But now I pray for bread, and ye
    Give me a stone or worse — a kiss.”
Shall not the stone rebound on us?
Shall not the kiss prove venomous?

“No expiation dearly won,
Can turn the ancient loss to gain,
The Son of Manw as Mary’s Son…
    Have I not borne the child in pain?
My sighs were mingled with His breaths!
Yet, though I died a thousand deaths,
    A thousand times a thousandfold,
With Him, my babe, upon the Cross,
    My bloody sweats are never told,
And still the world’s gain is my loss.”
Has she not suffered, has not died,
With every creature crucified?

“The hallowed light of Mary’s eyes
Within my bosom never dies.
    The learned Faust, for all his pride,
    Was saved by Gretchen — glorified —
    To God, his master, thrice denied.
Love’s smallest holy offices
When have I shirked them, even these?
From the grey dawn when time began
To the Crimean battle-field,
    By every wounded soldier’s side
With cool and soothing hand I kneeled.”
She is the good Samaritan
Upon life’s every battle-field.

“The secret book of Beauty was
Unlocked through me to Phidias.
Petrarcha’s dream and Raphael’s,
Rossetti’s blessèd damozels,
    And all men’s visions live in me.
The shadow queens of Maeterlinck,
Clothed with my soft flesh, cross the brink
    Of utter unreality.
Rautendelein and Juliet,
Who shall their wistful smile forget?
The leader of my boyish band
I rule in Neverneverland.”
Hers is the sweetest voice in France,
And hers the sob that like a lance
Has pierced the heart of Italy.

“With stylus, brush and angelot,
I seize life’s pulses, fierce and hot.
In Greece, a suzerain of song,
    The swallow was my singing mate,
My lyric sisters still prolong
    My strain more strange than sea or fate.
Though Shakespeare’s sonnets, sweet as wine,
Were not more ‘sugared’ than were mine,
Ye who with myrtle crown my brow,
Withhold the laurel even now.”
The world’s intolerable scorn
Still falls to every woman born.

“Strong to inspire, strong to please,
My love was unto Pericles;
    The Corsican, the demigod
    Whose feet upon the nation trod,
    Shrunk from my wit as from a rod.
The number and its secret train
Eluded not my restless brain.
Beyond the ken of man I saw,
With Colon’s eyes, America.
    Into the heart of mystery,
    Of light and earth I plunged, to me
The atom bared its perfect plot.”
What gifts have we, that she has not?
“Was I not lord of life and death
    In Egypt and in Ninevah?
    Clothed with Saint Stephen’s majesty
    My arm dealt justice mightily.
Men that beheld me caught their breath
With awe.

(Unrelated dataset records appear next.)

(* Let $m,n\ge 2$ be integers and let $\mathcal{A}\in T_{m,n}$. If $\mathcal{A}$ is a nonzero genuinely positive definite tensor, then $-\mathcal{A}$ is not a genuinely positive definite tensor. If $\mathcal{A}$ is a barren tensor, then $-\mathcal{A}$ is also a barren tensor.
   Context: $T_{m,n}$ denotes the set of real $m$th order $n$-dimensional cubic tensors $\mathcal{A}=(a_{i_1\dots i_m})$, $i_1,\dots,i_m\in\{1,\dots,n\}$. For $\mathcal{A}\in T_{m,n}$, $\mathrm{Sym}(\mathcal{A})$ is the unique symmetric tensor $\mathcal{B}$ (entries invariant under permutation of indices) with $\mathcal{B}\mathbf{x}^m=\mathcal{A}\mathbf{x}^m$ for all $\mathbf{x}\in\mathbb{R}^n$, where $\mathcal{A}\mathbf{x}^m=\sum_{i_1,\dots,i_m}a_{i_1\dots i_m}x_{i_1}\cdots x_{i_m}$. For $\mathbf{x}$, $\mathcal{A}\mathbf{x}^{m-1}$ is the vector with $i$th component $\sum_{i_2,\dots,i_m}a_{ii_2\dots i_m}x_{i_2}\cdots x_{i_m}$, and $\mathbf{x}^{[m-1]}=(x_i^{m-1})_i$. A real number $\lambda$ is an H-eigenvalue of $\mathcal{A}$ if there is a nonzero $\mathbf{x}\in\mathbb{R}^n$ with $\mathcal{A}\mathbf{x}^{m-1}=\lambda\mathbf{x}^{[m-1]}$. $\mathcal{A}$ is genuinely positive definite if $\mathrm{Sym}(\mathcal{A})$ has at least one H-eigenvalue and all its H-eigenvalues are positive. $\mathcal{A}$ is a barren tensor if $\mathrm{Sym}(\mathcal{A})$ has no H-eigenvalue. *)

From mathcomp Require Import all_boot all_order all_algebra all_fingroup.
From mathcomp Require Import reals.
Set Implicit Arguments. Unset Strict Implicit. Unset Printing Implicit Defensive.
Import Order.TTheory GRing.Theory Num.Theory.
Local Open Scope ring_scope.

(* A real m-th order n-dimensional cubic tensor: entries indexed by
   functions i : 'I_m -> 'I_n, i.e. (i_1,...,i_m). *)
Definition tensor (R : realType) (m n : nat) := {ffun 'I_m -> 'I_n} -> R.

Definition tneg (R : realType) m n (A : tensor R m n) : tensor R m n :=
  fun idx => - A idx.

Definition tsym (R : realType) m n (A : tensor R m n) : tensor R m n :=
  fun idx => (m`!%:R)^-1 * \sum_(s : 'S_m) A [ffun k => idx (s k)].

(* A x^{m-1}: i-th component is sum over (i_2,...,i_m) of a_{i i_2..i_m} x_{i_2}..x_{i_m};
   the first index is the ordinal with value 0. *)
Definition tapply (R : realType) m n (A : tensor R m n) (x : 'I_n -> R) (i : 'I_n) : R :=
  \sum_(idx : {ffun 'I_m -> 'I_n} | [forall k : 'I_m, (val k == 0%N) ==> (idx k == i)])
     A idx * \prod_(k : 'I_m | val k != 0%N) x (idx k).

Definition H_eigenvalue (R : realType) m n (A : tensor R m n) (lambda : R) : Prop :=
  exists x : 'I_n -> R, (exists j, x j != 0) /\
    forall i, tapply A x i = lambda * x i ^+ m.-1.

Definition genuinely_positive_definite (R : realType) m n (A : tensor R m n) : Prop :=
  (exists lambda, H_eigenvalue (tsym A) lambda) /\
  (forall lambda, H_eigenvalue (tsym A) lambda -> 0 < lambda).

Definition barren (R : realType) m n (A : tensor R m n) : Prop :=
  forall lambda, ~ H_eigenvalue (tsym A) lambda.

From mathcomp Require Import all_boot all_order all_algebra all_fingroup.
From mathcomp Require Import boolp reals.
Import Order.TTheory GRing.Theory Num.Theory.
Local Open Scope ring_scope.

(* Symmetrization and the map x |-> A x^(m-1) both commute with negation, so
   the H-eigenvalues of Sym(-A) are exactly the negatives of those of Sym(A). *)

Lemma tsymN (R : realType) m n (A : tensor R m n) : tsym (tneg A) = tneg (tsym A).
Proof. by apply/funext => idx; rewrite /tsym /tneg sumrN mulrN. Qed.

Lemma tapplyN (R : realType) m n (A : tensor R m n) x i :
  tapply (tneg A) x i = - tapply A x i.
Proof. by rewrite /tapply -sumrN; apply: eq_bigr => idx _; rewrite mulNr. Qed.

Lemma H_eigenvalueN (R : realType) m n (A : tensor R m n) lambda :
  H_eigenvalue (tneg A) lambda <-> H_eigenvalue A (- lambda).
Proof.
split=> -[x [x_neq0 eigx]]; exists x; split=> // i.
- by rewrite mulNr -eigx tapplyN opprK.
- by rewrite tapplyN eigx mulNr opprK.
Qed.

Theorem proposition2p1 (R : realType) (m n : nat) (hm : (2 <= m)%N) (hn : (2 <= n)%N)
  (A : tensor R m n) :
  ((exists idx, A idx != 0) -> genuinely_positive_definite A ->
     ~ genuinely_positive_definite (tneg A)) /\
  (barren A -> barren (tneg A)).
Proof.
split.
- move=> _ [[lambda eigA] posA] [_ posNA].
  have : 0 < - lambda by apply: posNA; rewrite tsymN H_eigenvalueN opprK.
  by rewrite oppr_gt0 ltNge (ltW (posA _ eigA)).
- by move=> barrenA lambda; rewrite tsymN H_eigenvalueN; apply: barrenA.
Qed.
Lemma arrival_time_increasing (z1 z2 : R) : s <= z1 -> z1 < z2 ->
  arrival_time U g h s z1 < arrival_time U g h s z2.
Proof.
  intros Hz1 Hz12.
  destruct is_derive_arrival_time_near as [d [Hd HT]].
  destruct (MVT_gen (arrival_time U g h s) z1 z2 (fun w => integrand U g h w s)) as [c [Hc HMVT]];
    rewrite ?Rmin_left, ?Rmax_right in * by lra.
  - intros w Hw. apply HT. lra.
  - intros w Hw. apply continuity_pt_filterlim, ex_derive_continuous_R. eexists. apply HT. lra.
  - assert (0 < integrand U g h c s); [|nra].
    apply Rinv_0_lt_compat, sqrt_lt_R0, radial_speed_sq_pos. lra.
Qed.

Lemma arrival_time_inj (z1 z2 : R) : s <= z1 -> s <= z2 ->
  arrival_time U g h s z1 = arrival_time U g h s z2 -> z1 = z2.
Proof.
  intros Hz1 Hz2 HT.
  destruct (Rtotal_order z1 z2) as [Hlt|[Heq|Hgt]]; [|exact Heq|].
  - pose proof (arrival_time_increasing z1 z2 Hz1 Hlt). lra.
  - pose proof (arrival_time_increasing z2 z1 Hz2 Hgt). lra.
Qed.

End RadialMotion.

(** * Conservation laws along a trajectory *)

Section Trajectory.

Variables (U g h : R -> R) (x : pt) (Y V : R -> pt).
Hypothesis U_derive : forall r, 0 < r -> ex_derive U r.
Hypothesis newton : solves_newton U Y V x.
Hypothesis radial_init : radial_vel x (V 0) = g (enorm x).
Hypothesis angular_init : angular_vel x (V 0) = h (enorm x).

Let s := enorm x.

Lemma trajectory_nonzero (t : R) : 0 <= t -> Y t <> (0, 0).
Proof. destruct newton as [_ [Hnz _]]. exact (Hnz t). Qed.

Lemma enorm_init_pos : 0 < s.
Proof.
  destruct newton as [HY0 _]. unfold s. rewrite <- HY0. apply enorm_pos, trajectory_nonzero. lra.
Qed.

Lemma is_derive_dot_self (t : R) : 0 < t ->
  is_derive (fun u => dot (Y u) (Y u)) t (2 * dot (Y t) (V t)).
Proof.
  intros Ht. destruct newton as [_ [_ [Hder _]]]. destruct (Hder t Ht) as [HY _].
  eapply is_derive_eq; [apply (is_derive_dot Y Y t _ _ HY HY)|]. unfold dot. ring.
Qed.

Lemma cross_trajectory_const (t : R) : 0 <= t -> cross (Y t) (V t) = cross x (V 0).
Proof.
  destruct newton as [HY0 [Hnz [Hder [HcY HcV]]]]. rewrite <- HY0.
  apply (const_nonneg (fun t => cross (Y t) (V t)) (fun _ => 0)); [| |reflexivity].
  - intros u Hu. destruct (Hder u Hu) as [HYu HVu].
    eapply is_derive_eq; [apply (is_derive_cross Y V u _ _ HYu HVu)|].
    assert (0 < enorm (Y u)) by (apply enorm_pos, Hnz; lra).
    unfold cross, Ffield; simpl. field. lra.
  - unfold cross. solve_filterlim.
Qed.
Lemma kink_heteroclinic : layer_heteroclinic 0 kink kink_z (-1) 1.
Proof.
  assert (hb := kink_exp_bounds).
  repeat split; try lra; try apply kink_layer_solution;
    [eapply lim_minfty_of_exp_bound | eapply lim_minfty_of_exp_bound
    | eapply lim_pinfty_of_exp_bound | eapply lim_pinfty_of_exp_bound];
    intro t; apply hb.
Qed.

Lemma antikink_heteroclinic :
  layer_heteroclinic 0 (fun t => - kink t) (fun t => - kink_z t) 1 (-1).
Proof.
  pose proof (layer_heteroclinic_opp _ _ _ _ _ kink_heteroclinic) as h.
  rewrite Ropp_0 in h; replace (- -1) with 1 in h by ring;
  replace (- 1) with (-1) in h by ring; exact h.
Qed.

Lemma H_layer_v0 u w z : z ^ 2 = ((1 - w ^ 2) / 2) ^ 2 -> H u 0 w z = (4 * u ^ 2 - 1) / 8.
Proof. intro hz; unfold H; rewrite hz; field. Qed.

Lemma pos_derivative_increasing (f f' : R -> R) :
  (forall x, derivable_pt_lim f x (f' x)) -> (forall x, 0 < f' x) ->
  forall x y, x < y -> f x < f y.
Proof. intros hf hpos; exact (positive_derivative f (fun x => exist _ (f' x) (hf x)) hpos). Qed.

Lemma derivable_increasing_inverse (f f' : R -> R) (lb ub : R) :
  lb < ub -> (forall x, derivable_pt_lim f x (f' x)) -> (forall x, 0 < f' x) ->
  exists g : R -> R,
    (forall x, lb <= x <= ub -> g (f x) = x) /\
    (forall t, f lb < t < f ub -> derivable_pt_lim g t (/ f' (g t))).
Proof.
  intros hlu hf hpos.
  set (pr := fun x => exist _ (f' x) (hf x) : derivable_pt f x).
  assert (incr := pos_derivative_increasing f f' hf hpos).
  assert (cont : forall x, continuity_pt f x) by (intro; apply derivable_continuous_pt, pr).
  assert (inj : forall x y, f x = f y -> x = y).
  { intros x y hxy; destruct (Rtotal_order x y) as [h | [h | h]];
      [apply incr in h | | apply incr in h]; lra. }
  set (g t := match Rle_dec (f lb) t, Rle_dec t (f ub) with
              | left h1, left h2 =>
                  proj1_sig (f_interv_is_interv f lb ub t hlu (conj h1 h2) (fun x _ => cont x))
              | _, _ => lb end).
  assert (hg : forall t, f lb <= t <= f ub -> lb <= g t <= ub /\ f (g t) = t).
  { intros t [h1 h2]; unfold g.
    destruct (Rle_dec (f lb) t); [| contradiction].
    destruct (Rle_dec t (f ub)); [| contradiction].
    exact (proj2_sig (f_interv_is_interv f lb ub t hlu _ _)). }
  assert (mono : forall x y, x <= y -> f x <= f y).
  { intros x y hxy; destruct (Rle_lt_or_eq_dec _ _ hxy) as [h | ->];
      [apply Rlt_le, incr, h | lra]. }
  assert (gf : forall x, lb <= x <= ub -> g (f x) = x).
  { intros x hx; apply inj, hg; split; apply mono; lra. }
  exists g; split; [exact gf |]; intros t ht.
  assert (hgt : f lb <= t <= f ub) by lra.
  assert (gcont : continuity_pt g t).
  { apply (continuity_pt_recip_interv f g lb ub hlu); [| | | intros; apply cont | exact ht].
    - intros x y _ hxy _; apply incr, hxy.
    - intros x h1 h2; exact (proj2 (hg x (conj h1 h2))).
    - intros x h1 h2; exact (proj1 (hg x (conj h1 h2))). }
  assert (hgi : g (f lb) <= g t <= g (f ub)) by (rewrite !gf by lra; exact (proj1 (hg t hgt))).
  assert (hd := derivable_pt_lim_recip_interv f g (f lb) (f ub) t (fun a _ => pr a) gcont
                  (incr _ _ hlu) ht hgi (fun x hx => proj2 (hg x hx))).
  unfold derive_pt, pr in hd; simpl in hd.
  rewrite <- Rdiv_1_l; apply hd, Rgt_not_eq, hpos.
Qed.

Section RightBranch.

Variable mu : R.
Hypothesis mu_lt : mu < 1 / 24.

(* On C_0 the level set {H = mu} reads 3 w^4 - 2 w^2 = 4 u^2 - 8 mu; its root with
   w^2 > 1/3 is w^2 = (1 + branch_disc u) / 3. *)
Definition branch_disc (u : R) : R := sqrt (1 + 12 * u ^ 2 - 24 * mu).
Definition branch_w (u : R) : R := sqrt ((1 + branch_disc u) / 3).
Definition branch_pt (u : R) : pt :=
  mkpt u ((branch_w u ^ 3 - branch_w u) / 2) (branch_w u) 0.

Lemma branch_disc_spec u : 0 < branch_disc u /\ branch_disc u ^ 2 = 1 + 12 * u ^ 2 - 24 * mu.
Proof.
  assert (h : 0 < 1 + 12 * u ^ 2 - 24 * mu) by nra.
  split; [apply sqrt_lt_R0, h | rewrite <- Rsqr_pow2; apply Rsqr_sqrt; lra].
Qed.

Lemma branch_w_spec u : 0 < branch_w u /\ branch_w u ^ 2 = (1 + branch_disc u) / 3.
Proof.
  destruct (branch_disc_spec u) as [hq _].
  split; [apply sqrt_lt_R0; lra | rewrite <- Rsqr_pow2; apply Rsqr_sqrt; lra].
Qed.

Lemma branch_pt_C0r u : in_C0r (branch_pt u).
Proof.
  destruct (branch_disc_spec u) as [hq _], (branch_w_spec u) as [hw hw2], inv_sqrt3_sq.
  repeat split; simpl; nra.
Qed.

Lemma Hp_branch_pt u : Hp (branch_pt u) = mu.
Proof.
  destruct (branch_disc_spec u) as [_ hq2], (branch_w_spec u) as [_ hw2].
  unfold Hp, H; simpl; nra.
Qed.

Lemma branch_w_at_jump u : 4 * u ^ 2 = 8 * mu + 1 -> branch_w u = 1.
Proof.
  intro hu; unfold branch_w, branch_disc.
  replace (1 + 12 * u ^ 2 - 24 * mu) with (2 ^ 2) by nra.
  rewrite sqrt_pow2 by lra; replace ((1 + 2) / 3) with 1 by field; apply sqrt_1.
Qed.

Lemma branch_w_derive u : is_derive branch_w u (2 * u / (branch_w u * branch_disc u)).
Proof.
  destruct (branch_disc_spec u) as [hq _], (branch_w_spec u) as [hw _].
  assert (hdisc : is_derive branch_disc u (24 * u / (2 * branch_disc u))).
  { apply is_derive_sqrt; [auto_derive; [exact I | ring] | nra]. }
  replace (2 * u / (branch_w u * branch_disc u))
    with (24 * u / (2 * branch_disc u) / 3 / (2 * branch_w u)) by (field; lra).
  apply is_derive_sqrt; [| lra].
  exact (is_derive_comp (fun q => (1 + q) / 3) branch_disc u (/ 3) _
           ltac:(auto_derive; [exact I | field]) hdisc).
Qed.

Lemma branch_v_derive u : is_derive (fun u => pv (branch_pt u)) u (u / branch_w u).
Proof.
  destruct (branch_disc_spec u) as [hq _], (branch_w_spec u) as [hw hw2].
  assert (hcub : is_derive (fun w => (w ^ 3 - w) / 2) (branch_w u)
                           ((3 * branch_w u ^ 2 - 1) / 2))
    by (auto_derive; [exact I | field]).
  replace (u / branch_w u)
    with (2 * u / (branch_w u * branch_disc u) * ((3 * branch_w u ^ 2 - 1) / 2))
    by (rewrite hw2; field; lra).
  exact (is_derive_comp _ branch_w u _ _ hcub (branch_w_derive u)).
Qed.

Definition branch_time (x : R) : R := RInt (fun s => / branch_w s) 0 x.

Lemma branch_time_derive x : derivable_pt_lim branch_time x (/ branch_w x).
Proof.
  assert (hcont : forall s, continuous (fun s => / branch_w s) s).
  { intro s; apply continuous_Rinv_comp; [| apply Rgt_not_eq, branch_w_spec].
    apply (ex_derive_continuous branch_w); eexists; apply branch_w_derive. }
  apply is_derive_Reals, (is_derive_RInt (fun s => / branch_w s) branch_time 0); [| apply hcont].
  apply filter_forall; intro b.
  exact (RInt_correct _ _ _ (ex_RInt_continuous _ _ _ (fun s _ => hcont s))).
Qed.

(* Time along a slow segment is t = int du / w, so u(t) inverts branch_time. *)
Lemma branch_segment u0 : 0 < u0 ->
  exists (a b : R) (g : R -> pt),
    reduced_segment a b g /\ g a = branch_pt (- u0) /\ g b = branch_pt u0 /\
    forall t, exists u, g t = branch_pt u.
Proof.
  intro hu0.
  assert (hpos : forall x, 0 < / branch_w x)
    by (intro; apply Rinv_0_lt_compat, branch_w_spec).
  assert (incr := pos_derivative_increasing _ _ branch_time_derive hpos).
  destruct (derivable_increasing_inverse _ _ (- u0 - 1) (u0 + 1) ltac:(lra)
              branch_time_derive hpos) as [P [hPF hPd]].
  exists (branch_time (- u0)), (branch_time u0), (fun t => branch_pt (P t)); cbv beta.
  rewrite (hPF (- u0)), (hPF u0) by lra.
  split; [| split; [reflexivity | split; [reflexivity | intro t; exists (P t); reflexivity]]].
  split; [apply incr; lra |]; intros t ht.
  assert (dP : derivable_pt_lim P t (branch_w (P t))).
  { rewrite <- (Rinv_inv (branch_w (P t))); apply hPd.
    assert (branch_time (- u0 - 1) < branch_time (- u0)) by (apply incr; lra).
    assert (branch_time u0 < branch_time (u0 + 1)) by (apply incr; lra).
    lra. }
  split; [apply branch_pt_C0r | split; [exact dP |]]; simpl.
  replace (P t) with ((P t / branch_w (P t)) * branch_w (P t))
    by (field; apply Rgt_not_eq, branch_w_spec).
  apply (derivable_pt_lim_comp P (fun u => pv (branch_pt u))); [exact dP |].
  apply is_derive_Reals, branch_v_derive.
Qed.

End RightBranch.

Lemma singular_orbit_exists mu :
  - (1 / 8) < mu /\ mu < 1 / 24 -> singular_periodic_orbit_2slow_2fast mu.
Proof.
  intros [hlo hhi].
  set (u0 := sqrt ((8 * mu + 1) / 4)).
  assert (hu0 : 0 < u0) by (apply sqrt_lt_R0; lra).
  assert (hu0sq : 4 * u0 ^ 2 = 8 * mu + 1)
    by (unfold u0; rewrite <- Rsqr_pow2, Rsqr_sqrt; lra).
  assert (wm := branch_w_at_jump mu (- u0) ltac:(nra)).
  assert (wp := branch_w_at_jump mu u0 hu0sq).
  destruct (branch_segment mu hhi u0 hu0) as (a & b & g & hseg & ga & gb & gbr).
  assert (hr : forall t, in_C0r (g t) /\ Hp (g t) = mu).
  { intro t; destruct (gbr t) as [u ->].
    split; [exact (branch_pt_C0r mu hhi u) | exact (Hp_branch_pt mu hhi u)]. }
  exists a, b, a, b, (fun t => pt_opp (g t)), g, (- u0), 0, u0, 0,
    kink, kink_z, (fun t => - kink t), (fun t => - kink_z t).
  rewrite ga, gb; unfold branch_pt; simpl; rewrite wm, wp.
  split; [exact (reduced_segment_opp _ _ _ hseg) |].
  split; [exact hseg |].
  split; [intros t _; apply in_C0r_opp, hr |].
  split; [intros t _; apply hr |].
  split; [replace (- (1)) with (-1) by ring; exact kink_heteroclinic |].
  do 4 (split; [lra |]).
  split; [replace (- (1)) with (-1) by ring; exact antikink_heteroclinic |].
  do 4 (split; [lra |]).
  split; [intros t _; rewrite Hp_opp; apply hr |].
  split; [intros t _; apply hr |].
  split; intro t; rewrite H_layer_v0 by (unfold kink_z; field); nra.
Qed.

Theorem proposition1 (mu : R) :
  singular_periodic_orbit_2slow_2fast mu <-> (- (1 / 8) < mu /\ mu < 1 / 24).
Proof. split; [apply singular_orbit_mu_range | apply singular_orbit_exists]. Qed.
Lemma deg_le6 k E u : three_regular_on_leaves k E -> (deg k E u <= 6)%nat.
Proof.
  intros [_ [_ [HE H3]]]. unfold deg, adj.
  eapply Nat.le_trans; [apply length_filter_orb|].
  assert (Hextra : (length (filter (E u) (verts k)) <= 3)%nat).
  { destruct (is_leaf k u) eqn:Hl; [rewrite H3; auto|].
    apply Nat.le_trans with (length (filter (fun _ => false) (verts k))).
    - apply length_filter_mono. intros w He. destruct (HE _ _ He). congruence.
    - clear. induction (verts k); simpl; lia. }
  pose proof (tree_deg_le3 k u). lia.
Qed.

Lemma hitN_S k E m y z : hitN k E (S m) y z =
  if inS k y then (if (y =? z)%nat then 1 else 0)
  else / INR (deg k E y) * sumR (verts k) (fun w => if adj k E y w then hitN k E m w z else 0).
Proof. reflexivity. Qed.

(* The transition weight 1/deg is nonnegative (Rinv 0 = 0 covers deg = 0). *)
Lemma inv_deg_nonneg k E y : 0 <= / INR (deg k E y).
Proof.
  destruct (deg k E y) as [|d]; [simpl; rewrite Rinv_0; lra|].
  left. apply Rinv_0_lt_compat, lt_0_INR. lia.
Qed.

Lemma neighbour_average_bounds k E y (x : nat -> R) : (forall w, 0 <= x w <= 1) ->
  0 <= / INR (deg k E y) * sumR (verts k) (fun w => if adj k E y w then x w else 0) <= 1.
Proof.
  intros Hx.
  assert (H0 : 0 <= sumR (verts k) (fun w => if adj k E y w then x w else 0)).
  { apply sumR_nonneg. intros w _. destruct (adj k E y w); [apply Hx | lra]. }
  assert (H1 : sumR (verts k) (fun w => if adj k E y w then x w else 0) <= INR (deg k E y)).
  { rewrite deg_as_sum. apply sumR_le. intros w _. destruct (adj k E y w); [apply Hx | lra]. }
  pose proof (inv_deg_nonneg k E y).
  destruct (deg k E y) as [|d] eqn:Hd.
  - simpl. rewrite Rinv_0. lra.
  - assert (0 < INR (S d)) by (apply lt_0_INR; lia).
    split; [nra|].
    apply Rmult_le_reg_l with (INR (S d)); [lra|]. rewrite <- Rmult_assoc, Rinv_r; lra.
Qed.

Lemma hitN_bounds k E n y z : 0 <= hitN k E n y z <= 1.
Proof.
  revert y; induction n as [|n IH]; intros y.
  - simpl. destruct (inS k y); [destruct (y =? z)%nat|]; lra.
  - rewrite hitN_S. destruct (inS k y); [destruct (y =? z)%nat; lra|].
    apply neighbour_average_bounds. intros w. apply IH.
Qed.

Lemma hitN_mono k E n y z : hitN k E n y z <= hitN k E (S n) y z.
Proof.
  revert y; induction n as [|n IH]; intros y.
  - rewrite hitN_S. simpl. destruct (inS k y); [lra|].
    apply neighbour_average_bounds. intros w. apply (hitN_bounds k E 0).
  - rewrite (hitN_S k E (S n)), hitN_S. destruct (inS k y); [lra|].
    apply Rmult_le_compat_l; [apply inv_deg_nonneg|].
    apply sumR_le. intros w _. destruct (adj k E y w); [apply IH | lra].
Qed.

(* The birth-death chain on the depths 0..k: levelHit k n j is the probability
   that the chain started at depth j, moving up with probability 1/3 and down
   with probability 2/3, is absorbed at depth 0 within n steps (depths 0 and
   k are absorbing). *)
Fixpoint levelHit (k n j : nat) : R :=
  if (j =? 0)%nat then 1 else if (k <=? j)%nat then 0 else
  match n with O => 0 | S m => (levelHit k m (j - 1) + 2 * levelHit k m (j + 1)) / 3 end.

Lemma levelHit_S k m j : levelHit k (S m) j =
  if (j =? 0)%nat then 1 else if (k <=? j)%nat then 0 else
  (levelHit k m (j - 1) + 2 * levelHit k m (j + 1)) / 3.
Proof. reflexivity. Qed.

Lemma levelHit_0 k j : levelHit k 0 j = if (j =? 0)%nat then 1 else 0.
Proof. simpl. destruct (j =? 0)%nat; [|destruct (k <=? j)%nat]; reflexivity. Qed.

Lemma levelHit_interior k n j : (1 <= j < k)%nat -> levelHit k n j =
  match n with O => 0 | S m => (levelHit k m (j - 1) + 2 * levelHit k m (j + 1)) / 3 end.
Proof.
  intros Hj. destruct n; simpl; destruct (Nat.eqb_spec j 0); try lia;
    destruct (Nat.leb_spec k j); try lia; reflexivity.
Qed.

Lemma hitN_root k E n : hitN k E n root root = 1.
Proof. destruct n; reflexivity. Qed.

Lemma hitN_leaf k E n y : (1 <= k)%nat -> (2 ^ k <= y < 2 ^ (k + 1))%nat ->
  hitN k E n y root = 0.
Proof.
  intros Hk Hy. pose proof (pow2_le 1 k Hk). simpl in H.
  assert (Hl : inS k y = true).
  { unfold inS, is_leaf. apply orb_true_iff. right.
    apply andb_true_iff. rewrite Nat.leb_le, Nat.ltb_lt. lia. }
  destruct (Nat.eqb_spec y root) as [->|Hne]; unfold root in *; [lia|].
  destruct n; simpl; rewrite Hl; apply Nat.eqb_neq in Hne; rewrite Hne; reflexivity.
Qed.

Lemma inS_internal k y : (2 <= y < 2 ^ k)%nat -> inS k y = false.
Proof.
  intros H. unfold inS, is_leaf, root.
  destruct (Nat.eqb_spec y 1); [lia|]. destruct (Nat.leb_spec (2 ^ k) y); [lia|]. reflexivity.
Qed.

Lemma hitN_internal k E n y z : three_regular_on_leaves k E -> (2 <= y < 2 ^ k)%nat ->
  hitN k E n y z = match n with
  | O => 0
  | S m => (hitN k E m (y / 2) z + hitN k E m (2 * y) z + hitN k E m (2 * y + 1) z) / 3
  end.
Proof.
  intros HT Hy. destruct n as [|m]; [simpl; now rewrite inS_internal|].
  rewrite hitN_S, inS_internal, deg_internal, sum_adj_internal by (auto; lia).
  destruct (Nat.leb_spec 2 y); [|lia]. simpl INR. field.
Qed.

Lemma level_parent j y : (1 <= j)%nat -> (2 ^ j <= y < 2 ^ (j + 1))%nat ->
  (2 ^ (j - 1) <= y / 2 < 2 ^ (j - 1 + 1))%nat.
Proof.
  intros Hj Hy. replace (j - 1 + 1)%nat with j by lia.
  pose proof (pow2S (j - 1)) as P. replace (j - 1 + 1)%nat with j in P by lia.
  pose proof (pow2S j). pose proof (Nat.div_mod y 2 ltac:(lia)).
  pose proof (Nat.mod_upper_bound y 2 ltac:(lia)). lia.
Qed.

Lemma level_children j y : (2 ^ j <= y < 2 ^ (j + 1))%nat ->
  (2 ^ (j + 1) <= 2 * y /\ 2 * y + 1 < 2 ^ (j + 1 + 1))%nat.
Proof. intros Hy. pose proof (pow2S j). pose proof (pow2S (j + 1)). lia. Qed.

Lemma levelHit_root k n : levelHit k n 0 = 1.
Proof. destruct n; reflexivity. Qed.

Lemma levelHit_top k n : (1 <= k)%nat -> levelHit k n k = 0.
Proof.
  intros Hk. destruct n; simpl; destruct (Nat.eqb_spec k 0); try lia; now rewrite Nat.leb_refl.
Qed.

Lemma hitN_level k E n : (1 <= k)%nat -> three_regular_on_leaves k E ->
  forall j y, (j <= k)%nat -> (2 ^ j <= y < 2 ^ (j + 1))%nat ->
  hitN k E n y root = levelHit k n j.
Proof.
  intros Hk HT. induction n as [|m IH]; intros j y Hj Hy.
  all: destruct (Nat.eq_dec j 0) as [->|Hj0];
    [simpl in Hy; replace y with root by (unfold root; lia);
     now rewrite hitN_root, levelHit_root|].
  all: destruct (Nat.eq_dec j k) as [->|Hjk]; [now rewrite hitN_leaf, levelHit_top|].
  all: assert (Hint : (2 <= y < 2 ^ k)%nat)
    by (pose proof (pow2_le 1 j ltac:(lia)); pose proof (pow2_le (j + 1) k ltac:(lia));
        simpl in *; lia).
  all: rewrite hitN_internal, levelHit_interior by (auto; lia).
  - reflexivity.
  - pose proof (level_parent j y ltac:(lia) Hy). pose proof (level_children j y Hy).
    rewrite (IH (j - 1)%nat (y / 2)%nat), (IH (j + 1)%nat (2 * y)%nat),
      (IH (j + 1)%nat (2 * y + 1)%nat) by lia.
    field.
Qed.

I was Elizabeth
I was the Maid of God. Mine was
The sway of all the Russias.
What was my guerdon, mine to take?
A crown of slander, and the stake!”
How shall we comfort her, how ease
The pang of thousand centuries?

“Back from my aspiration hurled,
I was the harlot of the world.
The levelled walls of Troy confess
My devastating loveliness.
Upon my bosom burns the scar
Eternal as the sexes are.
    I was Prince Borgia’s concubine,
    Phryne I was, and Messaline,
    And Circe, who turned men to swine.”
But shall they be forgotten, then,
Whom she has turned from swine to men?

“New creeds unto the world I gave,
    But my own self I could not save.
For all mankind one Christ has sighed
    Upon the Cross, but hourly
    Is every woman crucified!
    The iron stake of destiny
Is plunged into my living side.
    To Him that died upon the Tree
Love held out trembling hands to lend
Its reverential ministry,
    And then came Death, the kindest friend —
Shall my long road to Calvary,
And man’s injustice, have no end?”
O sons of mothers, shall the pain
Of all child-bearing be in vain?
Shall we drive nails, to wound her thus,
Into the hands that fondled us?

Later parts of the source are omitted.